## EXERCISE DIRECTIONS
Exact reproduction required: the lines below from the line with "Theorem lemmaC1 (R" to the line with "(X : 'M[R]_(N, r)) (hSt : X^T *m X = 1%:M)", both ends included, and no others.
*****
Lemma frob2_signed_selection_le (idx : 'I_r -> 'I_N) (d : R) :
  0 <= d ->
  (forall (j : 'I_r) (n : 'I_N), `|A j j - lam (idx j)| <= `|A j j - lam n|) ->
  (forall (j : 'I_r) (n : 'I_N), n != idx j -> d <= `|lam (idx j) - lam n|) ->
  d ^+ 2 * frob2 (X - XOmega R idx *m diag_mx (\row_k pmsign (X (idx k) k)))
    <= 32%:R * frob2 (gradg (Mdiag N lam) X).
Proof.
move=> hd hidx hgap.
have hcols : d ^+ 2 * frob2 (X - XOmega R idx *m
               diag_mx (\row_k pmsign (X (idx k) k))) <= 8%:R * frob2 E.
  rewrite /frob2 !mulr_sumr; apply: ler_sum => j _.
  apply: le_trans (ler_wpM2l (sqr_ge0 d) (colnorm2_signed_selection hSt idx j)) _.
  have := offmass_le_colnorm2 hd (hidx j) (hgap j).
  rewrite mulrCA; lra.
have := frob2_resid_offdiag_le (Mdiag N lam) hSt.
have := frob2_ritz_resid (Mdiag N lam) hSt.
have := frob2_ge0 (offdiag A).
lra.
Qed.

End DiagonalMatrix.

Unset Implicit Arguments.

Theorem lemmaC1 (R : rcfType) (N r : nat) (lam : nat -> R)
  (hr1 : (1 <= r)%N) (hrN : (r < N)%N)
  (hdec : forall i j : nat, (i < j)%N -> (j < N)%N -> lam j <= lam i)
  (hstrict : forall i j : nat, (i < j)%N -> (j <= r)%N -> lam j < lam i)
  (hnneg : forall i : nat, (i < N)%N -> 0 <= lam i)
  (eps : R) (heps : 0 < eps)
  (X : 'M[R]_(N, r)) (hSt : X^T *m X = 1%:M)
  (hgrad : frob (gradg (Mdiag N lam) X) <= eps)
  (idx : 'I_r -> 'I_N)
  (hidx : forall (j : 'I_r) (n : 'I_N),
     `|(X^T *m Mdiag N lam *m X) j j - lam (idx j)|
       <= `|(X^T *m Mdiag N lam *m X) j j - lam n|) :
  frob (X^T *m Mdiag N lam *m X - LamOmega lam idx) <= 4%:R * eps
  /\ ((forall j : 'I_r, nat_of_ord (idx j) = nat_of_ord j) ->
      exists s : 'I_r -> R,
        (forall j, s j = 1 \/ s j = -1)
        /\ (forall j, 0 <= X (idx j) j -> s j = 1)
        /\ frob (X - XOmega R idx *m diag_mx (\row_(j < r) s j))
             <= 12%:R * (dmin lam r)^-1 * eps).
Proof.
have hg2 := frob2_le_frob hgrad.
have he2 := sqr_ge0 eps.
split.
  apply: frob_le_frob2; first by rewrite mulr_ge0 ?ler0n ?ltW.
  apply: le_trans (frob2_rayleigh_sub_LamOmega hSt hidx) _.
  by rewrite exprMn -natrX; lra.
move=> hid; have hd := dmin_gt0 hr1 hstrict.
have hgap (j : 'I_r) (n : 'I_N) : n != idx j -> dmin lam r <= `|lam (idx j) - lam n|.
  move=> hn; rewrite hid; apply: (dmin_le_dist hdec) => //.
  by rewrite -(hid j) (inj_eq val_inj).
exists (fun j => pmsign (X (idx j) j)); split; [|split].
- by move=> j; rewrite /pmsign; case: ifP => _; [left | right].
- by move=> j; rewrite /pmsign => ->.
apply: frob_le_frob2; first by rewrite !mulr_ge0 ?ler0n ?invr_ge0 ?ltW.
apply: sqr_le_div => //.
apply: le_trans (frob2_signed_selection_le hSt (ltW hd) hidx hgap) _.
by rewrite exprMn -natrX; lra.
Qed.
*****
## EXERCISE RESULT
Theorem lemmaC1 (R : rcfType) (N r : nat) (lam : nat -> R)
  (hr1 : (1 <= r)%N) (hrN : (r < N)%N)
  (hdec : forall i j : nat, (i < j)%N -> (j < N)%N -> lam j <= lam i)
  (hstrict : forall i j : nat, (i < j)%N -> (j <= r)%N -> lam j < lam i)
  (hnneg : forall i : nat, (i < N)%N -> 0 <= lam i)
  (eps : R) (heps : 0 < eps)
  (X : 'M[R]_(N, r)) (hSt : X^T *m X = 1%:M)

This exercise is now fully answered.